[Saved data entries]
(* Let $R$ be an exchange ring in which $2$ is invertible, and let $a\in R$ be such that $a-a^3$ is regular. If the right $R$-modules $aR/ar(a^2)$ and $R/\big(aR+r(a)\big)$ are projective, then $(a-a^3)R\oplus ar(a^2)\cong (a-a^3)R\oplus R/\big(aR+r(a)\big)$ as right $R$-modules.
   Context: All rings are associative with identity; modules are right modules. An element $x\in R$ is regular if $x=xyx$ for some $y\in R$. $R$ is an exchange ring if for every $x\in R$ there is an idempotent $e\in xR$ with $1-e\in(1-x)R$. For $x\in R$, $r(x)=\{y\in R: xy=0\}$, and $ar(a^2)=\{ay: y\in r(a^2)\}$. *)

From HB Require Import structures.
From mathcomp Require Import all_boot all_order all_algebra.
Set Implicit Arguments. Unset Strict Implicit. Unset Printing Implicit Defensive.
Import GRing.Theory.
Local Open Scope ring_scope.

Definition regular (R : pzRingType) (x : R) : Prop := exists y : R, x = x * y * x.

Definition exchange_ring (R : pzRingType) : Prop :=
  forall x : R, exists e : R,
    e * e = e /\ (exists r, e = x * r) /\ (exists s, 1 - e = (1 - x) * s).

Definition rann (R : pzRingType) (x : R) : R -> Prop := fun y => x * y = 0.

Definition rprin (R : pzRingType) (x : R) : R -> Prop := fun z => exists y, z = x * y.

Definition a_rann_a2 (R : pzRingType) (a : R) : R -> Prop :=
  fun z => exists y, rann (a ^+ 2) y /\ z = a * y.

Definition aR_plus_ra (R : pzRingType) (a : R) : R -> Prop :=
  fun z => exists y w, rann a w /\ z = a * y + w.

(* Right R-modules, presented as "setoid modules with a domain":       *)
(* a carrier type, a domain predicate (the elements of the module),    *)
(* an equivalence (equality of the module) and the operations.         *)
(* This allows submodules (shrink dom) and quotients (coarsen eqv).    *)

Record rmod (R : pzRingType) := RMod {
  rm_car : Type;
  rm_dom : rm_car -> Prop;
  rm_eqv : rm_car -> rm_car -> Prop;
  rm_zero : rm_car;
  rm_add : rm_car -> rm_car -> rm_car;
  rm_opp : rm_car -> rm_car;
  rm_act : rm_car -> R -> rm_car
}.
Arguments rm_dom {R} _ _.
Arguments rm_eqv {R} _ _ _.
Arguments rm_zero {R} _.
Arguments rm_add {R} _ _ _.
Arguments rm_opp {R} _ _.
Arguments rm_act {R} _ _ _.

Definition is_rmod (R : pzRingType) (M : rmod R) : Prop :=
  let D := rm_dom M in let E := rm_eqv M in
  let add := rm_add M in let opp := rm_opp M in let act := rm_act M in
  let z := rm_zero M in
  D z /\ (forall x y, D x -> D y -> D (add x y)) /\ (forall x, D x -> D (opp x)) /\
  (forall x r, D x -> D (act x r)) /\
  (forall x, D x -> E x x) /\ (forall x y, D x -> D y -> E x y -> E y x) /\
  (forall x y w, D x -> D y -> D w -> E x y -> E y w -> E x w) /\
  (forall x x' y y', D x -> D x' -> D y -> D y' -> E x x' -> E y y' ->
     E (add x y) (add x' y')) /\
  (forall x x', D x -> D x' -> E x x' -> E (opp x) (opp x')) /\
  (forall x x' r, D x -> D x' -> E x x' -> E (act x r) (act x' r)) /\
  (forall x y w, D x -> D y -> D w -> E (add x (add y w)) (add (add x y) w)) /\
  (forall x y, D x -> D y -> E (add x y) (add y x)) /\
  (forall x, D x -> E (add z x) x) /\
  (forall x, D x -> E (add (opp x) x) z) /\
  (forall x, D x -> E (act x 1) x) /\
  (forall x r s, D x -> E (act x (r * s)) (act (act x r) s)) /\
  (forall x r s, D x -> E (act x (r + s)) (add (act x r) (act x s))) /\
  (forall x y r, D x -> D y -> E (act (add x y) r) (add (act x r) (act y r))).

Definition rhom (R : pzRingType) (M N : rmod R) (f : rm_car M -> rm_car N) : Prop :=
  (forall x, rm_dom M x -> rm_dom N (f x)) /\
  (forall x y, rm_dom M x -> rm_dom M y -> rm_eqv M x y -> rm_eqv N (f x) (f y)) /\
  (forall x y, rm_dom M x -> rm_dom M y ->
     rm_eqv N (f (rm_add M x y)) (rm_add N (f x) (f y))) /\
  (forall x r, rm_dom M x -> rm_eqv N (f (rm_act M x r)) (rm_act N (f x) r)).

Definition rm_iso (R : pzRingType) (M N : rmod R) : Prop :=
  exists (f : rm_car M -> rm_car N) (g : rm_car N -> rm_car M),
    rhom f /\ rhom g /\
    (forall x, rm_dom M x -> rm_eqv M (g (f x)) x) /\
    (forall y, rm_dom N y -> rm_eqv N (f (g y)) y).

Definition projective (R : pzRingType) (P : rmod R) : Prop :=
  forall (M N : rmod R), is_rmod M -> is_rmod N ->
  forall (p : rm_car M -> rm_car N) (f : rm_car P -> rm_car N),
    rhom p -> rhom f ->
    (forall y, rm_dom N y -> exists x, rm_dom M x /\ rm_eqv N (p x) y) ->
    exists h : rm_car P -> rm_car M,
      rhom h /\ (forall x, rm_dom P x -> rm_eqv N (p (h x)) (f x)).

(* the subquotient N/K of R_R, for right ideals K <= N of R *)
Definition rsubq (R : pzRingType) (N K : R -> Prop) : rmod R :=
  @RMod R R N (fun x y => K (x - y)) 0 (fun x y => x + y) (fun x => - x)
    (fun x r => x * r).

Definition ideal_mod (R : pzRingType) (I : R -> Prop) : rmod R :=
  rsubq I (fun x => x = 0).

* * *

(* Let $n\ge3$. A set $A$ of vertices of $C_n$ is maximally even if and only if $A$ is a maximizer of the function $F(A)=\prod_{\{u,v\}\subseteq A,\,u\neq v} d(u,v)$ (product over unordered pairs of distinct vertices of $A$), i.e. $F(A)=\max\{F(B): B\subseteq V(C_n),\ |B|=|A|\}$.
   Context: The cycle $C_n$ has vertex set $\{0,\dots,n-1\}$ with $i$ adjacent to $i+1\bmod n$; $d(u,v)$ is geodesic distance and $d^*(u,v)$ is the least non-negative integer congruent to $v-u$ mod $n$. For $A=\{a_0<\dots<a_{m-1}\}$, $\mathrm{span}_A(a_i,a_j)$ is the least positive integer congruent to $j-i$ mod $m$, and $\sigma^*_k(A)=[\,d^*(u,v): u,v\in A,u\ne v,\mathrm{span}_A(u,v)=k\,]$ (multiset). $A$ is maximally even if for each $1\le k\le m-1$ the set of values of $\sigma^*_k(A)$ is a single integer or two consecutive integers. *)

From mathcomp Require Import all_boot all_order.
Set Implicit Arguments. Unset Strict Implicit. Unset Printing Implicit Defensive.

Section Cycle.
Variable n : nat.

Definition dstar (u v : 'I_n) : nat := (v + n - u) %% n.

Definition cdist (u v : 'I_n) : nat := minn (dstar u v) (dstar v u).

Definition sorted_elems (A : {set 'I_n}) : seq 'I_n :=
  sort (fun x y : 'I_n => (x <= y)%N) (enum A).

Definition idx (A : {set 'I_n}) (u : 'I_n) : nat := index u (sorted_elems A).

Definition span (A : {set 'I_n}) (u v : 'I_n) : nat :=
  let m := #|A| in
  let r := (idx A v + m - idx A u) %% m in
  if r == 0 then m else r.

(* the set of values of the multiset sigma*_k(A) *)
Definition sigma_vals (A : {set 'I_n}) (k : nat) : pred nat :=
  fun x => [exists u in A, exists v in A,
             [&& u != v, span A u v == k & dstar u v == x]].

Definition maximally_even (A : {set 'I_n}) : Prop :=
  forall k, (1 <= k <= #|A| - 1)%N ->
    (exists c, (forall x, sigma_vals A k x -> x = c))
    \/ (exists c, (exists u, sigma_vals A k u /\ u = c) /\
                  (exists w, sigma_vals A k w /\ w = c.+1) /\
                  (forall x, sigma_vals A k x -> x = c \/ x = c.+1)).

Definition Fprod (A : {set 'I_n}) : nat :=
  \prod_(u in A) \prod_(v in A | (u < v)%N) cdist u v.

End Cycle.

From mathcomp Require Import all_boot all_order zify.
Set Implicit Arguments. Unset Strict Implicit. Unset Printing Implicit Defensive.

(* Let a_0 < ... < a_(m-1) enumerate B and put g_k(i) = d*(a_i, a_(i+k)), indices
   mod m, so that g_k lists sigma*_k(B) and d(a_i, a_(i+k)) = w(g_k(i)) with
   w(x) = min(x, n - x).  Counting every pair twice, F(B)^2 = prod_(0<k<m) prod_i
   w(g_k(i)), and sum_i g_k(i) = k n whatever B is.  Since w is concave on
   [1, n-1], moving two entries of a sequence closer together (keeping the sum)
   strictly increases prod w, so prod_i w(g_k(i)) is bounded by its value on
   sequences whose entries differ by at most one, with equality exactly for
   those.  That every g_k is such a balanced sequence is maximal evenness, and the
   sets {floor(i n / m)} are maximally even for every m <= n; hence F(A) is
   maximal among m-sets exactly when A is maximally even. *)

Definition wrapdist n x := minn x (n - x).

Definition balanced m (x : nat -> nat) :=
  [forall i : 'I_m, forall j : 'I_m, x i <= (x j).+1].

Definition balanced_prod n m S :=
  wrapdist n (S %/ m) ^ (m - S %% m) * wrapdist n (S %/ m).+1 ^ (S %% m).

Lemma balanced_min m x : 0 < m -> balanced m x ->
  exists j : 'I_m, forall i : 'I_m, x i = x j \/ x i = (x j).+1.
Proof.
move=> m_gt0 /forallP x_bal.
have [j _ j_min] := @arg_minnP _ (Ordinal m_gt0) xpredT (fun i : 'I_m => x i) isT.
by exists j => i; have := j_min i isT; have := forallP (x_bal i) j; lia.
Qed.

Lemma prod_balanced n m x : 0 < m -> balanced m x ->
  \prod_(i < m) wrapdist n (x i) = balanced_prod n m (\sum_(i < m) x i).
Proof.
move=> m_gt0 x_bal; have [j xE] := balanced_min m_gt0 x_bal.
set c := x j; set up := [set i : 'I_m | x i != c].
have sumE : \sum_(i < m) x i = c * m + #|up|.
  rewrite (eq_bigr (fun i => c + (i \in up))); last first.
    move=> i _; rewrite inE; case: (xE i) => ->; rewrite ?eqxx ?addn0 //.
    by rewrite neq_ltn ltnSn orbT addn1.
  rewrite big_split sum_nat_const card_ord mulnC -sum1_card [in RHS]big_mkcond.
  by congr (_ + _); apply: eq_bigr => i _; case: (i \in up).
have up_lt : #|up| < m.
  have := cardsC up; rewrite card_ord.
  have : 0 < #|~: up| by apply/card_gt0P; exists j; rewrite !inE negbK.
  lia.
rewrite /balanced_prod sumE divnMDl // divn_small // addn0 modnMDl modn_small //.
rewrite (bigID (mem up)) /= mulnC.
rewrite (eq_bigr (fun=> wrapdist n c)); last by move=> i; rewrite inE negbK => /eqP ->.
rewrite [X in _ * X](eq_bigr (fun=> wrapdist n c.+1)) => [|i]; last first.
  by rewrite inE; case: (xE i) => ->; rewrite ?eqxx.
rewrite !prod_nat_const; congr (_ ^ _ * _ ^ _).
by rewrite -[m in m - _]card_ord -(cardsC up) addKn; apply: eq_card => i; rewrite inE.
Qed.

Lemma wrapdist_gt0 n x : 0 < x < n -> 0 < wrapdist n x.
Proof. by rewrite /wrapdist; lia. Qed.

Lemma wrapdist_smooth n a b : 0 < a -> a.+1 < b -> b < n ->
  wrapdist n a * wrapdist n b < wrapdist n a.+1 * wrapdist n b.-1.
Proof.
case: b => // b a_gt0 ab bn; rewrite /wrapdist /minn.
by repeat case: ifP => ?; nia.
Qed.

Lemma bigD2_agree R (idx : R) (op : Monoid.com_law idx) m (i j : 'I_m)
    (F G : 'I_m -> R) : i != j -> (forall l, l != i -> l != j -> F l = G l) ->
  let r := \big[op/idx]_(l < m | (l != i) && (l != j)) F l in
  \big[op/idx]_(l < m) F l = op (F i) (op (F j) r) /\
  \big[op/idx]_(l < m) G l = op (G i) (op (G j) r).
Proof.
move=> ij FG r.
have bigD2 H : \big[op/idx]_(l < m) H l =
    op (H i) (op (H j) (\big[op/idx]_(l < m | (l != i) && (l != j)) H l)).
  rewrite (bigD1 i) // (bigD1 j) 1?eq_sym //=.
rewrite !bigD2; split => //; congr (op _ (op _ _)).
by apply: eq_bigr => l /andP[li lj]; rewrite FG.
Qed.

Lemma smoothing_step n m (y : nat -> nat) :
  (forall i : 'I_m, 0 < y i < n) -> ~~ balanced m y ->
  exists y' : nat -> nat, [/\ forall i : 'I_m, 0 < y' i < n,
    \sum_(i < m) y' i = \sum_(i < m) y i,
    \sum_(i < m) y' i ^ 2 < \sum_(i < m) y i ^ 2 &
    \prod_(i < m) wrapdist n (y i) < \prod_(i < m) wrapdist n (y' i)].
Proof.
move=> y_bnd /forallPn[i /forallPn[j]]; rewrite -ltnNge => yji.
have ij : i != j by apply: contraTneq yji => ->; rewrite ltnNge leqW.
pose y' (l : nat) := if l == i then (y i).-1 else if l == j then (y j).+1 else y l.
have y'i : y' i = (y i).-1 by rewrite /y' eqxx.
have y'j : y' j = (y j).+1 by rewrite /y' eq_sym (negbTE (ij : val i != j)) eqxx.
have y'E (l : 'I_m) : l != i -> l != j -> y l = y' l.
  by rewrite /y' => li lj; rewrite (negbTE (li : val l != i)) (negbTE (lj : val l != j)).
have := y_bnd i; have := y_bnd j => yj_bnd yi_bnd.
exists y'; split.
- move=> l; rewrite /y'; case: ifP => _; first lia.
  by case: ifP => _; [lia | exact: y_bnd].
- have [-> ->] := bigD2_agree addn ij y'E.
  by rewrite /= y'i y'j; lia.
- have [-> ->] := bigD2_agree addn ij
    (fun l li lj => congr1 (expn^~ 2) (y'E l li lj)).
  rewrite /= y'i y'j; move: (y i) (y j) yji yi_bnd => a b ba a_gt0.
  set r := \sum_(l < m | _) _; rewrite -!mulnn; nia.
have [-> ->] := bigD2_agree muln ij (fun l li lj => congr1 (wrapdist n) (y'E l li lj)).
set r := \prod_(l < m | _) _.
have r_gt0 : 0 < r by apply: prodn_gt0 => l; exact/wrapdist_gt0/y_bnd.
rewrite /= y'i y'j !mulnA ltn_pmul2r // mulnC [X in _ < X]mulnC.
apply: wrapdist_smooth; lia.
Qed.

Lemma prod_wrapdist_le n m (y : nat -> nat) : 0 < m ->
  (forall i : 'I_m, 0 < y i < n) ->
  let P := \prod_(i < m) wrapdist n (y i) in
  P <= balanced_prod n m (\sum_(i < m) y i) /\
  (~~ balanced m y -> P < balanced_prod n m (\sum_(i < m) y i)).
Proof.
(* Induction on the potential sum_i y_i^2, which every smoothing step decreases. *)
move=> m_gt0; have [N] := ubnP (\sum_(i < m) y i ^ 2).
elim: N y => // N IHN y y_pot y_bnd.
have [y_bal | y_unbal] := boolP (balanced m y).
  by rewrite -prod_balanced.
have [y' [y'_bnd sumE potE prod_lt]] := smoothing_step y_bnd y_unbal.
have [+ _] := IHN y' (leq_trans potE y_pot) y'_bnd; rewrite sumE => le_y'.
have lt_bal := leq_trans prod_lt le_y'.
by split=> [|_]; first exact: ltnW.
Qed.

--

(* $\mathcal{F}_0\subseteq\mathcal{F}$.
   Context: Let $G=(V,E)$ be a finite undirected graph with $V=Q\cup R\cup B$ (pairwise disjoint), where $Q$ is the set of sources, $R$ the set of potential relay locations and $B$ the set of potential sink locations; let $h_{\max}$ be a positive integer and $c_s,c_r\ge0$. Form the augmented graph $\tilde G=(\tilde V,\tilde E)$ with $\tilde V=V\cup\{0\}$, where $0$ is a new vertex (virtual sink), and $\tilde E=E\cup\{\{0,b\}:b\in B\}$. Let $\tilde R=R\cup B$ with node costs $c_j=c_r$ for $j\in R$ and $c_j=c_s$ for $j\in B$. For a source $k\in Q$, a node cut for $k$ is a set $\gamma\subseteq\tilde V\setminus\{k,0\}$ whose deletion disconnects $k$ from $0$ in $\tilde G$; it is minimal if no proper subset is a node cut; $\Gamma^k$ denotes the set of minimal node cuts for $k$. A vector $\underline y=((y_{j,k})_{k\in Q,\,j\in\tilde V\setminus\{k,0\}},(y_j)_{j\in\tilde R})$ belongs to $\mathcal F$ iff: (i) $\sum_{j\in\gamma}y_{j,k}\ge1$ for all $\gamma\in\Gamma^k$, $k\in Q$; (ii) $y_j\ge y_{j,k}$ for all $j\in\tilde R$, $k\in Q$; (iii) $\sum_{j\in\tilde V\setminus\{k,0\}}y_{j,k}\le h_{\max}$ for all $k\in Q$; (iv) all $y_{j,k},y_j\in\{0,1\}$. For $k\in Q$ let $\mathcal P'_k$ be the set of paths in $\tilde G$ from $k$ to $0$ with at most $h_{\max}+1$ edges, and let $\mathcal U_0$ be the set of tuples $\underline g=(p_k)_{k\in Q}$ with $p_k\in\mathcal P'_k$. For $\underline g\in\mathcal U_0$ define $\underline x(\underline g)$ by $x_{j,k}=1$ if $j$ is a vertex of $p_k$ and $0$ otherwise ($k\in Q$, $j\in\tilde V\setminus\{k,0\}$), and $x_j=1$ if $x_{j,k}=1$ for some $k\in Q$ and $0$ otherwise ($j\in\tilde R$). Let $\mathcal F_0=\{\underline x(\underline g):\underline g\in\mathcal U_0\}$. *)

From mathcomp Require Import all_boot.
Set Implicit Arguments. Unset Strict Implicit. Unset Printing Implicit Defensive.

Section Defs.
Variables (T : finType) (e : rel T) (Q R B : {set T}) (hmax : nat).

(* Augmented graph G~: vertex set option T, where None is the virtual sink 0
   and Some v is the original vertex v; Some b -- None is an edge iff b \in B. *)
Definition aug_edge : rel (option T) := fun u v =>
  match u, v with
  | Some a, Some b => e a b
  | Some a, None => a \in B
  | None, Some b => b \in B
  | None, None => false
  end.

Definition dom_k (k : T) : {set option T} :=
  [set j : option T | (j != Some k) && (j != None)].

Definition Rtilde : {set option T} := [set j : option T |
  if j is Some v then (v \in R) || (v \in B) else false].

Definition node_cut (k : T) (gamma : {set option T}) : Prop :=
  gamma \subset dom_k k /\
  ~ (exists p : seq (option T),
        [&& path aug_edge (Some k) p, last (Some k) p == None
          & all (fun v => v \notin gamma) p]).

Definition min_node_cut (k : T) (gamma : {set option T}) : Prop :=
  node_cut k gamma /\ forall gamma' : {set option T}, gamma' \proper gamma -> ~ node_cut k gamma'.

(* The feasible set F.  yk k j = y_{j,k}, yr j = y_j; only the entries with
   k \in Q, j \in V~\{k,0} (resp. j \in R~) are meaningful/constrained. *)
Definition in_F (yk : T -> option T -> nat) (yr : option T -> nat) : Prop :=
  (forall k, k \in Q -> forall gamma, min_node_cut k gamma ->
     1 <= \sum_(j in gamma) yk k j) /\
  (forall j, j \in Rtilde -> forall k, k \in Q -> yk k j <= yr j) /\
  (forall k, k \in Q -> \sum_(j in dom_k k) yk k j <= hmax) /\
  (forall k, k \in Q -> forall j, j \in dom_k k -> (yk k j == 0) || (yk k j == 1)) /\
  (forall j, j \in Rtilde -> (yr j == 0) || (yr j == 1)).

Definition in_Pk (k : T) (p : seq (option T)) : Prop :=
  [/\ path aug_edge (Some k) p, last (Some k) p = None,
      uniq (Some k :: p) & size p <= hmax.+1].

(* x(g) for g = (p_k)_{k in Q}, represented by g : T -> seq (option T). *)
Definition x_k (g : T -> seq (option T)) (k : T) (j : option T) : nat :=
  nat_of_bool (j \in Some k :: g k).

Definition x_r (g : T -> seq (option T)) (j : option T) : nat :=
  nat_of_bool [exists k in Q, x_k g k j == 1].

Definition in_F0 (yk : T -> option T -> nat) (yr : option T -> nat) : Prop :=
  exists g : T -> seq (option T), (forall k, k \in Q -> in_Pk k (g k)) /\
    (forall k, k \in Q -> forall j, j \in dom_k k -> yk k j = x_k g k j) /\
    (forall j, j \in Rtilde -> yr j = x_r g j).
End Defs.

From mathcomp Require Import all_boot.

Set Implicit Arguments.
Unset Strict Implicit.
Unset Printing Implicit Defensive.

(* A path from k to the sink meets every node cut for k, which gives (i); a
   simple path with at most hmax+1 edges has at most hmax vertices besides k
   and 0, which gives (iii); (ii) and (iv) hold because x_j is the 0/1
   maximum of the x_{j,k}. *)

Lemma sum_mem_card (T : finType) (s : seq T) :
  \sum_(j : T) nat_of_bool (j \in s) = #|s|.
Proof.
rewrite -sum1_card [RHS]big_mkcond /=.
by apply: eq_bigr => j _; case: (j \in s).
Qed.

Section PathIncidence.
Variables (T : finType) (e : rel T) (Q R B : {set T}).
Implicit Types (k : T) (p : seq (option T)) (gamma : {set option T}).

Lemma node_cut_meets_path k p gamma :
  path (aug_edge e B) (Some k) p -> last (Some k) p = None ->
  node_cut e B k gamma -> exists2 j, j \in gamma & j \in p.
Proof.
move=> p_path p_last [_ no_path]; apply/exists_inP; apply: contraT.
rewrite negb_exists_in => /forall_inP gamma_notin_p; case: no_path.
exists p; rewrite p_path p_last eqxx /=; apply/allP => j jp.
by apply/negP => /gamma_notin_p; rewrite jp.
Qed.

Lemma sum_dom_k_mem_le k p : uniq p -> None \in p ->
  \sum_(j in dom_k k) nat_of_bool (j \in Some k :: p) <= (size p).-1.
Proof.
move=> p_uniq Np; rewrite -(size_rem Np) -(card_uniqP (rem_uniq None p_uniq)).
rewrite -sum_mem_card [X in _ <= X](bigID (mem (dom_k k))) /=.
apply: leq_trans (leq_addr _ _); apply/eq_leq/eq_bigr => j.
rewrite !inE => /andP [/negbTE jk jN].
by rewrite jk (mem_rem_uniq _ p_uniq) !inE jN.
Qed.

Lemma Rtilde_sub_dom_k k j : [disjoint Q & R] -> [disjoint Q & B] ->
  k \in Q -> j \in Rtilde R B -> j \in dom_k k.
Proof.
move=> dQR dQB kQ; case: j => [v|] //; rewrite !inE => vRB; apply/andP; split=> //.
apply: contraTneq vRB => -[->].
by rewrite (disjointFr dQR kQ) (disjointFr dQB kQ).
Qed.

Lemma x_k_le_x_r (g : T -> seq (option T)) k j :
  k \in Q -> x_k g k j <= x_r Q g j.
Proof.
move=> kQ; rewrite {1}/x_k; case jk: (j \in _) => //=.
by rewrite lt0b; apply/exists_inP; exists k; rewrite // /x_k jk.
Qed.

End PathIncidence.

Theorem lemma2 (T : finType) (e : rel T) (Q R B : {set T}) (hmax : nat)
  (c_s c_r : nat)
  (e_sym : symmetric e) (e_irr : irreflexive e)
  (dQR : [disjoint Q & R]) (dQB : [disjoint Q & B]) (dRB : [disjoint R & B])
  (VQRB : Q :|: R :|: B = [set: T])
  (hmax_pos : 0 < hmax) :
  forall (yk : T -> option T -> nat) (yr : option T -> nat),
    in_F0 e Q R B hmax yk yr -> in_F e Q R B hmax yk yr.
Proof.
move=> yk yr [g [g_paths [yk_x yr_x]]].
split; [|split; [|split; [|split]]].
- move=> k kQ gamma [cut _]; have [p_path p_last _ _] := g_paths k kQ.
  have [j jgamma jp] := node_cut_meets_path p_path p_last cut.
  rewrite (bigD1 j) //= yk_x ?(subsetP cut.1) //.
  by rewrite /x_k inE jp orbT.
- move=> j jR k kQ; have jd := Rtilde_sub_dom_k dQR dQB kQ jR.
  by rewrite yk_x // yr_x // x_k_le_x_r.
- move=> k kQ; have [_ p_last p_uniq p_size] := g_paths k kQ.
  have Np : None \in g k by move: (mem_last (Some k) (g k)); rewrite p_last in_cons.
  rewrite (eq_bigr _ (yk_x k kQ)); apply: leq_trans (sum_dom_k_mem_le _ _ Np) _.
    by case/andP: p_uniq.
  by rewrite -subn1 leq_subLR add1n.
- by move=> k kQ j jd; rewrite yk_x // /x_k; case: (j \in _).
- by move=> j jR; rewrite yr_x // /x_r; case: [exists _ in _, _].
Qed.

▸ **Exercise description**:
Using the entries above, repeat only the lines from the one containing "(forall y, rm_dom N y -> exists" through the one containing "rsubq I (fun x => x = 0).", end lines included.

▸ **Written response**:
    (forall y, rm_dom N y -> exists x, rm_dom M x /\ rm_eqv N (p x) y) ->
    exists h : rm_car P -> rm_car M,
      rhom h /\ (forall x, rm_dom P x -> rm_eqv N (p (h x)) (f x)).

(* the subquotient N/K of R_R, for right ideals K <= N of R *)
Definition rsubq (R : pzRingType) (N K : R -> Prop) : rmod R :=
  @RMod R R N (fun x y => K (x - y)) 0 (fun x y => x + y) (fun x => - x)
    (fun x r => x * r).

Definition ideal_mod (R : pzRingType) (I : R -> Prop) : rmod R :=
  rsubq I (fun x => x = 0).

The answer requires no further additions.